Electronic – Core saturation detector-differentiator

inductoroperational-amplifiersaturationtransfer function

I am building some project that requires me to measure the saturation corrent of some homemade inductors winded on scavaged ferrite cores, so I decided to try and create a circuit that will aid me in measuring.

From what I know and read the current thru the inductor at a constant voltage rises linearly with time and when core enters saturation the current start to rise exponentially. So I've came up with something like this:

schematic

simulate this circuit – Schematic created using CircuitLab

The idea behind this is I would measure the voltage across a sense resistor R take its derivative and pass it thru a differential amplifier which will compare the current value with a previously obtained fixed value stored in S/H circuit. And if the difference is bigger than some preset value the comparator would output a high value.

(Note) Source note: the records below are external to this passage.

(* As a function of the centre z the Taylor polynomial telescopes: its
   derivative is the single term G^(m+1)(z) (w - z)^m / m!. *)
Lemma taylor_sum_derivative (G : nat -> R -> R) (w : R) (m : nat) (y : R) :
  tower G ->
  derivable_pt_lim (taylor_sum G w m) y (G (S m) y / INR (Factorial.fact m) * (w - y) ^ m).
Proof.
  intros HG; induction m as [|m IH]; unfold taylor_sum in *.
  - eapply derivable_pt_lim_ext; [| |apply (HG O y)]; intros; simpl; field.
  - assert (Hpow : derivable_pt_lim (fun z => (w - z) ^ S m) y
                     (INR (S m) * (w - y) ^ m * (-1))).
    { assert (Hlin : derivable_pt_lim (fun z => w - z) y (-1)).
      { apply (derivable_pt_lim_ext (fun z => w + (-1) * z) _ _ (-1));
          [intro; ring | reflexivity | apply derivable_pt_lim_affine]. }
      eapply derivable_pt_lim_ext;
        [| |exact (derivable_pt_lim_comp _ _ _ _ _ Hlin (derivable_pt_lim_pow (w - y) (S m)))];
        [intro; reflexivity | simpl pred; ring]. }
    assert (Hterm := derivable_pt_lim_mult _ _ _ _ _
      (derivable_pt_lim_scal _ (/ INR (Factorial.fact (S m))) _ _ (HG (S m) y)) Hpow).
    cbn [sum_f_R0].
    eapply derivable_pt_lim_ext; [| |exact (derivable_pt_lim_plus _ _ _ _ _ IH Hterm)].
    + intro z; unfold plus_fct, mult_fct, mult_real_fct; simpl pow; unfold Rdiv; ring.
    + unfold mult_fct, mult_real_fct; rewrite fact_simpl, mult_INR; simpl pow.
      field; split; [apply INR_fact_neq_0 | apply not_0_INR; lia].
Qed.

Why I think this might work: The derivative of the linear function is a constant and the derivative of the exponential function is exponential function. So when the circuit would sense the that the output voltage from OA1 is not a constant it would trigger and shut off the MOSFET. I would then read on the oscilloscope the time the output was high and calculate the saturation current.

But for it to work I would need to update the S/H circuit frequently, I am planning to do this every second iteration. However I dont have this quite worked out yet, because I am stuck at the first part, the differentiator:

schematic

simulate this circuit

I've searched thru the web and found out how and why it works but never found the equations that would describe its behaviour. I would need a unity-gain differentiator with cut-off frequecies at around 100-1k Hz and 100k-1M Hz. So I decied I would go and write the equations myself. This is the furthest I've come:

Transfer function:
$$H(s)=\frac{sC_1R_2}{s^2C_1C_2R_1R_2+s(C_1R_1+C_2R_2)+1}$$

Its magnitude (in hope to find cut-off frequencies):
$$|H(s)|=\frac{\omega C_1R_2}{\sqrt{\omega^4 C_1^2C_2^2R_1^2R_2^2+\omega^2C_1^2R_1^2+2\omega^2C_1C_2R_1R_2+\omega^2 C_2^2R_2^2+1}}$$

I see whoule bunch of squares in the square root, but have no idea how could I simplify it.

Excuse me if this is to long of a post, but I want to make sure that this is the right approach/path that I've taken.

Best Answer

I'm offering this answer as an alternative saturation detector. Pass a direct current thru the coil that can be varied from a milli amp to possibly several amps. This is easily achieved with an opamp and BJT as a constant current generator.

Next, generate a low amplitude sinwave and capacitive couple it to the inductor. Measure or view the sine amplitude on an oscilloscope and, gradually raise the dc current. At some level of current the sine amplitude will begin to drop indicating the onset of saturation. More dc will mean less sine amplitude because of more saturation.

The sinwave can be sourced from a regular bench oscillator with 50 ohm or greater output impedance.

You could even incorporate the inductor into a colpitts oscillator and watch the frequency rise as saturation increases.

Looking at your formula, it seems that the centr frequency is \$\dfrac{1}{2\pi\sqrt{C1 C2 R1 R2}}\$ but I'm on an android and don't have full capabilities to analyse.

Thinking about it a bit more, because of the virtual earth nature of the circuit, R1 and C1 are independent of R2 and C2 so high pass is dictated only by the input components and low pass dictated by the feedback components. This of course assumes LP and HP frequencies are significantly different and by the sound of it they are.